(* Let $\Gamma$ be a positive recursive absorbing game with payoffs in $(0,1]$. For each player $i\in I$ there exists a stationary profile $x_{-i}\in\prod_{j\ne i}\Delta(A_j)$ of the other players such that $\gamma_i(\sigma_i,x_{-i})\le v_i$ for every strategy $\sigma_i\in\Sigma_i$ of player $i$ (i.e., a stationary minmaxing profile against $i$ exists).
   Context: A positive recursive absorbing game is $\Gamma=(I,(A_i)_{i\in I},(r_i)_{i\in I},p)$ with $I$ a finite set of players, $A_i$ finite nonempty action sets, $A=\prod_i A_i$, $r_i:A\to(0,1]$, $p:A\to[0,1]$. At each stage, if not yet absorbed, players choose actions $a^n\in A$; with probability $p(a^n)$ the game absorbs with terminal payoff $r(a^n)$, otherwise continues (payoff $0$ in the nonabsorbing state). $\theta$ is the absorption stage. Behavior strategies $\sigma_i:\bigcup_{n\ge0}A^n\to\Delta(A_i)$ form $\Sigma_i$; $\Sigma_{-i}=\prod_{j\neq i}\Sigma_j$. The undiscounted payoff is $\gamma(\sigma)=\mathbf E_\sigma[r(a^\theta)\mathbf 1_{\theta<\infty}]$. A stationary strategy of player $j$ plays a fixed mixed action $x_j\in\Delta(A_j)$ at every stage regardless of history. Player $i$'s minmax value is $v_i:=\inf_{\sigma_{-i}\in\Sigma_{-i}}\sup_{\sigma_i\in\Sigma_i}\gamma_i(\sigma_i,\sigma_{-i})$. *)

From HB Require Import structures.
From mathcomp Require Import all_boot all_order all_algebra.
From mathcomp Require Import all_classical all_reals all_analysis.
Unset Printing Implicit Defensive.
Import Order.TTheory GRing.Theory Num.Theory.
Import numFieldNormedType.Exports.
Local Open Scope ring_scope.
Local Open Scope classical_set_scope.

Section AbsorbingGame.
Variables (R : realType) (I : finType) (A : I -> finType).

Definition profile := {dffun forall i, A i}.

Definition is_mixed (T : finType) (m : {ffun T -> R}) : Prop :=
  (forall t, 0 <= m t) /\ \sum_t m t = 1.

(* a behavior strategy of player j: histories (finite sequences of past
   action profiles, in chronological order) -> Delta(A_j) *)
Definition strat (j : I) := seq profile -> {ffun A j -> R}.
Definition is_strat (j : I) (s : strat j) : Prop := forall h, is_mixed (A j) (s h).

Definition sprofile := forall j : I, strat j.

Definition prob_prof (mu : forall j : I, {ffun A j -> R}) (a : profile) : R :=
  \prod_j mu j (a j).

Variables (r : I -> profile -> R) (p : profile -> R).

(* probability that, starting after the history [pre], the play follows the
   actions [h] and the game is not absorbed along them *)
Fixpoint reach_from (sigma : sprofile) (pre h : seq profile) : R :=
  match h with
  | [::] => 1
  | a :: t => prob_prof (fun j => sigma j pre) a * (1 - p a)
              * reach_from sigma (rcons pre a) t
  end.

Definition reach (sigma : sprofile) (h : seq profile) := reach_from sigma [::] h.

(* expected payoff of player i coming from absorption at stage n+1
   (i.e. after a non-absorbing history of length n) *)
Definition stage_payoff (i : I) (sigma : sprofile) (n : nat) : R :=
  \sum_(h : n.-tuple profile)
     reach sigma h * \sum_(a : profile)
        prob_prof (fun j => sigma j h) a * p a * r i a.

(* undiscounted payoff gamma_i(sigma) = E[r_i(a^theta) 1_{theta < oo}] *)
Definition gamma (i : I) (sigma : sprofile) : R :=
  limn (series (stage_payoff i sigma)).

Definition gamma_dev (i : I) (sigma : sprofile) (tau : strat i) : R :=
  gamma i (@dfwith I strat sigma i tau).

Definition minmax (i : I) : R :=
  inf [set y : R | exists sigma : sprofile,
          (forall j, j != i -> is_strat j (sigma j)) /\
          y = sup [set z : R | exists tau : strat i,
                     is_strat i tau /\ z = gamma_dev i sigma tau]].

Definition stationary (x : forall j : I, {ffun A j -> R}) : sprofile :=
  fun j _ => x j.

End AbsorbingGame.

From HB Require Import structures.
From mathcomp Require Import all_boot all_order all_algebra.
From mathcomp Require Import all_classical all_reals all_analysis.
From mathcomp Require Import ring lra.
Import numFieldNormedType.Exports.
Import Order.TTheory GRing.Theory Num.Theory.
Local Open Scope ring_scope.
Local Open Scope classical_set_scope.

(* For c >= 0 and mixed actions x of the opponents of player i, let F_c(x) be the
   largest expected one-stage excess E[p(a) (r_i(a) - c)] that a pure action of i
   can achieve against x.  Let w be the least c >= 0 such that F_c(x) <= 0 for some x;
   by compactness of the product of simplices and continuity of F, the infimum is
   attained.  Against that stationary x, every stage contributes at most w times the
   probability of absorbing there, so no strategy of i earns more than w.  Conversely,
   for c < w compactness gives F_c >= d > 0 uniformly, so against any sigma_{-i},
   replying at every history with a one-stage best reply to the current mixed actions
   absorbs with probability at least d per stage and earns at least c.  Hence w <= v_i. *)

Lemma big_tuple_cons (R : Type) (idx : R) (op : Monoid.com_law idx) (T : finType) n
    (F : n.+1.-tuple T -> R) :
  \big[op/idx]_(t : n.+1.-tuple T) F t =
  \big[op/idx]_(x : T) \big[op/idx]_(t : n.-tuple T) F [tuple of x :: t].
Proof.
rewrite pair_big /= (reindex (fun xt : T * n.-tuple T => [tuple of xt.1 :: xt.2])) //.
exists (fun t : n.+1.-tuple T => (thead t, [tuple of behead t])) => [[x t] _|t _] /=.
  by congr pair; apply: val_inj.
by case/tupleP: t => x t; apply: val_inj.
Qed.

· · ·

Go through the records and set every one down exactly.

(* Let $\Gamma$ be a positive recursive absorbing game with payoffs in $(0,1]$. For each player $i\in I$ there exists a stationary profile $x_{-i}\in\prod_{j\ne i}\Delta(A_j)$ of the other players such that $\gamma_i(\sigma_i,x_{-i})\le v_i$ for every strategy $\sigma_i\in\Sigma_i$ of player $i$ (i.e., a stationary minmaxing profile against $i$ exists).
   Context: A positive recursive absorbing game is $\Gamma=(I,(A_i)_{i\in I},(r_i)_{i\in I},p)$ with $I$ a finite set of players, $A_i$ finite nonempty action sets, $A=\prod_i A_i$, $r_i:A\to(0,1]$, $p:A\to[0,1]$. At each stage, if not yet absorbed, players choose actions $a^n\in A$; with probability $p(a^n)$ the game absorbs with terminal payoff $r(a^n)$, otherwise continues (payoff $0$ in the nonabsorbing state). $\theta$ is the absorption stage. Behavior strategies $\sigma_i:\bigcup_{n\ge0}A^n\to\Delta(A_i)$ form $\Sigma_i$; $\Sigma_{-i}=\prod_{j\neq i}\Sigma_j$. The undiscounted payoff is $\gamma(\sigma)=\mathbf E_\sigma[r(a^\theta)\mathbf 1_{\theta<\infty}]$. A stationary strategy of player $j$ plays a fixed mixed action $x_j\in\Delta(A_j)$ at every stage regardless of history. Player $i$'s minmax value is $v_i:=\inf_{\sigma_{-i}\in\Sigma_{-i}}\sup_{\sigma_i\in\Sigma_i}\gamma_i(\sigma_i,\sigma_{-i})$. *)

From HB Require Import structures.
From mathcomp Require Import all_boot all_order all_algebra.
From mathcomp Require Import all_classical all_reals all_analysis.
Unset Printing Implicit Defensive.
Import Order.TTheory GRing.Theory Num.Theory.
Import numFieldNormedType.Exports.
Local Open Scope ring_scope.
Local Open Scope classical_set_scope.

Section AbsorbingGame.
Variables (R : realType) (I : finType) (A : I -> finType).

Definition profile := {dffun forall i, A i}.

Definition is_mixed (T : finType) (m : {ffun T -> R}) : Prop :=
  (forall t, 0 <= m t) /\ \sum_t m t = 1.

(* a behavior strategy of player j: histories (finite sequences of past
   action profiles, in chronological order) -> Delta(A_j) *)
Definition strat (j : I) := seq profile -> {ffun A j -> R}.
Definition is_strat (j : I) (s : strat j) : Prop := forall h, is_mixed (A j) (s h).

Definition sprofile := forall j : I, strat j.

Definition prob_prof (mu : forall j : I, {ffun A j -> R}) (a : profile) : R :=
  \prod_j mu j (a j).

Variables (r : I -> profile -> R) (p : profile -> R).

(* probability that, starting after the history [pre], the play follows the
   actions [h] and the game is not absorbed along them *)
Fixpoint reach_from (sigma : sprofile) (pre h : seq profile) : R :=
  match h with
  | [::] => 1
  | a :: t => prob_prof (fun j => sigma j pre) a * (1 - p a)
              * reach_from sigma (rcons pre a) t
  end.

Definition reach (sigma : sprofile) (h : seq profile) := reach_from sigma [::] h.

(* expected payoff of player i coming from absorption at stage n+1
   (i.e. after a non-absorbing history of length n) *)
Definition stage_payoff (i : I) (sigma : sprofile) (n : nat) : R :=
  \sum_(h : n.-tuple profile)
     reach sigma h * \sum_(a : profile)
        prob_prof (fun j => sigma j h) a * p a * r i a.

(* undiscounted payoff gamma_i(sigma) = E[r_i(a^theta) 1_{theta < oo}] *)
Definition gamma (i : I) (sigma : sprofile) : R :=
  limn (series (stage_payoff i sigma)).

Definition gamma_dev (i : I) (sigma : sprofile) (tau : strat i) : R :=
  gamma i (@dfwith I strat sigma i tau).

Definition minmax (i : I) : R :=
  inf [set y : R | exists sigma : sprofile,
          (forall j, j != i -> is_strat j (sigma j)) /\
          y = sup [set z : R | exists tau : strat i,
                     is_strat i tau /\ z = gamma_dev i sigma tau]].

Definition stationary (x : forall j : I, {ffun A j -> R}) : sprofile :=
  fun j _ => x j.

End AbsorbingGame.

From HB Require Import structures.
From mathcomp Require Import all_boot all_order all_algebra.
From mathcomp Require Import all_classical all_reals all_analysis.
From mathcomp Require Import ring lra.
Import numFieldNormedType.Exports.
Import Order.TTheory GRing.Theory Num.Theory.
Local Open Scope ring_scope.
Local Open Scope classical_set_scope.

(* For c >= 0 and mixed actions x of the opponents of player i, let F_c(x) be the
   largest expected one-stage excess E[p(a) (r_i(a) - c)] that a pure action of i
   can achieve against x.  Let w be the least c >= 0 such that F_c(x) <= 0 for some x;
   by compactness of the product of simplices and continuity of F, the infimum is
   attained.  Against that stationary x, every stage contributes at most w times the
   probability of absorbing there, so no strategy of i earns more than w.  Conversely,
   for c < w compactness gives F_c >= d > 0 uniformly, so against any sigma_{-i},
   replying at every history with a one-stage best reply to the current mixed actions
   absorbs with probability at least d per stage and earns at least c.  Hence w <= v_i. *)

Lemma big_tuple_cons (R : Type) (idx : R) (op : Monoid.com_law idx) (T : finType) n
    (F : n.+1.-tuple T -> R) :
  \big[op/idx]_(t : n.+1.-tuple T) F t =
  \big[op/idx]_(x : T) \big[op/idx]_(t : n.-tuple T) F [tuple of x :: t].
Proof.
rewrite pair_big /= (reindex (fun xt : T * n.-tuple T => [tuple of xt.1 :: xt.2])) //.
exists (fun t : n.+1.-tuple T => (thead t, [tuple of behead t])) => [[x t] _|t _] /=.
  by congr pair; apply: val_inj.
by case/tupleP: t => x t; apply: val_inj.
Qed.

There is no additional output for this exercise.